Apple trains you on privacy, but wouldn’t tell you everything


“At Apple, we believe privacy is a fundamental human right and is essential in everything we do. From the outset, the declaration is made, proudly, and the principle posed, clearly, during the press presentation given earlier this week by Apple.

The company announces the organization of specific training workshops on this topic in its Apple Stores. Training that is added to the list of courses provided by Apple, and usually devoted to photography, video, or even drawing, on Apple tools.

From January 28, on the occasion of European Data Protection Day, a workshop called “Manage privacy on your iPhone” is to be offered in, excuse me, all Apple Stores around the world.

This course, free and lasting half an hour, aims to familiarize or improve the knowledge of users to the internal settings of the iPhone. Enough to reinforce confidentiality when they use their e-mail box, for example, but also to limit or suspend the potential location requested by certain applications. Or even block advertising tracking carried out by other apps. “This session is available worldwide in 522 stores” proudly assures a spokesperson for the brand.

In France, this training will be provided in the 20 Apple Stores in France.

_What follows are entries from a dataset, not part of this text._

Lemma bregmanZl_le (r : R) (v w : vec) : 0 <= r ->
  bregman (fun j => r * v j) w <=
    r `^ p * psi p v + r * `|inner (G w) v| + (`|psi p w| + `|inner (G w) w|).
Proof.
move=> r0; rewrite /bregman psiZ // innerZr.
have := ler_norm (- (psi p w)); have := ler_norm (inner (G w) w).
have := ler_wpM2l r0 (ler_norm (- inner (G w) v)).
rewrite !normrN mulrN.
move: (r * _) (r * `|_|) (inner (G w) w) (psi p w) (r `^ p * _) => A B C D E.
move: `|C| `|D| => C' D'.
lra.
Qed.

End Bregman.

Lemma expR_tangent (R : realType) (a b : R) : expR a * (1 + (b - a)) <= expR b.
Proof.
rewrite -[in leRHS](subrK a b) expRD mulrC.
by rewrite ler_wpM2r ?expR_ge0 // expR_ge1Dx.
Qed.

Lemma expR_le_quadratic (R : realType) (v : R) : v <= 2^-1 -> expR v <= 1 + v + 2 * v ^+ 2.
Proof.
move=> hv.
have h1 : 1 - v <= expR (- v) by exact: expR_ge1Dx.
have h2 : expR v * expR (- v) = 1 by rewrite expRxMexpNx_1.
have e0 : 0 < expR v := expR_gt0 v.
have h3 : expR v * (1 - v) <= 1 by nra.
have h4 : 1 <= (1 - v) * (1 + v + 2 * v ^+ 2).
  have : 0 <= v ^+ 2 * (1 - 2 * v) by apply: mulr_ge0; [exact: sqr_ge0| lra].
  by move=> h; nra.
nra.
Qed.

Section ExpLoss.
Variables (R : realType) (d n : nat) (x : 'I_n -> vec R d) (y : 'I_n -> R).
Local Notation vec := (vec R d).
Local Notation inner := (@inner R d).
Local Notation L := (expL x y).
Local Notation gL := (grad_expL x y).

Lemma expL_ge0 (v : vec) : 0 <= L v.
Proof.
by rewrite mulr_ge0 ?invr_ge0 ?ler0n //; apply: sumr_ge0 => i _; exact: expR_ge0.
Qed.

Lemma inner_grad_expL (w v : vec) : inner (gL w) v =
  - (n%:R^-1 * \sum_(i < n) expR (- (y i * inner w (x i))) * y i * inner v (x i)).
Proof.
rewrite /Defs.inner /grad_expL.
transitivity (\sum_(j < d) \sum_(i < n)
   - (n%:R^-1 * (expR (- (y i * inner w (x i))) * y i * x i j * v j))).
  apply: eq_bigr => j _.
  by rewrite mulNr -mulrA mulr_suml mulr_sumr -sumrN; apply: eq_bigr => i _; ring.
rewrite exchange_big /=; symmetry; rewrite mulr_sumr -sumrN; apply: eq_bigr => i _.
by rewrite /Defs.inner !mulr_sumr -sumrN; apply: eq_bigr => j _; ring.
Qed.

Lemma expL_tangent (u v : vec) : L v + (inner (gL v) u - inner (gL v) v) <= L u.
Proof.
have -> : L v + (inner (gL v) u - inner (gL v) v) =
   n%:R^-1 * \sum_(i < n) expR (- (y i * inner v (x i))) *
      (1 + (- (y i * inner u (x i)) - - (y i * inner v (x i)))).
  rewrite /expL !inner_grad_expL !mulr_sumr -!sumrN -!big_split /=.
  by apply: eq_bigr => i _; ring.
rewrite /expL ler_wpM2l ?invr_ge0 ?ler0n //; apply: ler_sum => i _.
exact: expR_tangent.
Qed.

Lemma expL_segment_le (w0 w1 : vec) : exists2 K : R, 0 <= K & exists2 l0 : R, 0 < l0 &
  forall l, 0 < l <= l0 -> L (fun j => l * w1 j + (1 - l) * w0 j) <=
    L w0 + l * (inner (gL w0) w1 - inner (gL w0) w0) + l ^+ 2 * K.
Proof.
pose c i := - (y i * inner w0 (x i)).
pose dl i := - (y i * (inner w1 (x i) - inner w0 (x i))).
pose S := \sum_(i < n) `|dl i|.
have S0 : 0 <= S by apply: sumr_ge0 => i _; exact: normr_ge0.
exists (n%:R^-1 * \sum_(i < n) 2 * expR (c i) * dl i ^+ 2).
  rewrite mulr_ge0 ?invr_ge0 ?ler0n //; apply: sumr_ge0 => i _.
  by rewrite mulr_ge0 ?sqr_ge0 // mulr_ge0 ?expR_ge0.
exists (2 * (1 + S))^-1; first by rewrite invr_gt0; lra.
move=> l /andP[l0 hl].
have -> : inner (gL w0) w1 - inner (gL w0) w0 = n%:R^-1 * \sum_(i < n) expR (c i) * dl i.
  rewrite !inner_grad_expL !mulr_sumr -!sumrN -!big_split /=.
  by apply: eq_bigr => i _; rewrite /c /dl; ring.
have -> : L w0 + l * (n%:R^-1 * \sum_(i < n) expR (c i) * dl i) +
    l ^+ 2 * (n%:R^-1 * \sum_(i < n) 2 * expR (c i) * dl i ^+ 2) =
    n%:R^-1 * \sum_(i < n) expR (c i) * (1 + l * dl i + 2 * (l * dl i) ^+ 2).
  rewrite /expL !mulr_sumr -!big_split /=.
  by apply: eq_bigr => i _; rewrite /c; ring.
rewrite /expL ler_wpM2l ?invr_ge0 ?ler0n //; apply: ler_sum => i _.
have -> : - (y i * inner (fun j => l * w1 j + (1 - l) * w0 j) (x i)) = c i + l * dl i.
  by rewrite inner_linl /c /dl; ring.
rewrite expRD ler_wpM2l ?expR_ge0 //; apply: expR_le_quadratic.
have dlS : dl i <= 1 + S.
  have : `|dl i| <= S by rewrite /S (bigD1 i) //= lerDl sumr_ge0.
  by have := ler_norm (dl i); lra.
have : l * (1 + S) <= (2 * (1 + S))^-1 * (1 + S) by rewrite ler_wpM2r //; lra.
rewrite invfM -mulrA mulVf ?mulr1; last by rewrite gt_eqF //; lra.
by have := ler_wpM2l (ltW l0) dlS; lra.
Qed.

Apple therefore takes full advantage of this vast network of physical stores, which it is moreover the only company among the GAFAM to have, to maintain proximity with its customers or future customers (those who do not have an iPhone will be able to to be lent one) and to sow the idea that it washes whiter in terms of respect for private life.

A major glitch?

In early November 2022, developer and security researcher Tommy Mysk, already known for spotting flaws in iOS VPN apps, launched on Twitter the result of an unflattering study for Apple. “Recent changes made by Apple in advertising within [la boutique d’applications] App Store should raise a lot of privacy concerns, he wrote in his Nov. 4 tweet. It looks like the AppStore app in iOS 14.6 tells Apple every keystroke you make in the app. This data is sent in a single request, even when the use of data and personalized ads are turned off.

This monitoring of user data by Apple, if proven, would therefore allow them to be sent targeted advertisements when they pass through the iOS application store, but also on Apple Music, Apple TV or even its Stock Exchange app.

A practice that would be at odds with the rule that Apple itself sets for developers of third-party applications. Indeed, since the implementation of its App Tracking Transparency process, introduced in April 2021 with iOS 14.5, the user has the right to refuse one by one the requests for access and monitoring of private data made by the apps.

Enough to pull the rug out from under the feet of app publishers, advertisers, but also social networks like Facebook, Mark Zuckerberg highlighting in his latest financial communications the hole in his fund caused by this new practice.

But beyond a potential distortion of competition that Apple’s competitors should not fail to raise in the coming months, this user monitoring, if true, would show the poor use that the Apple brand makes its statements in favor of the privacy of its customers. Not to mention the questions about the consent to the collection of its data imposed under the GDPR.

If Mysk’s accusation, which relates to a version of iOS dating back about a year and a half, is founded, it also remains to be seen whether this data collection is still relevant with the current version (16.3 ) of Apple’s operating system?

Asked about the Mysk affair by ZDNET, Apple said, unsurprisingly, not to comment.

A few days after the publication of Mysk, a new lawsuit in the form of a class action was filed in California against Apple for illegally harvesting activity from its customers through its apps. Two other complaints of the same nature, one in Pennsylvania and the other in New York, have been made since January. If there is a lawsuit, Apple should be more forthcoming.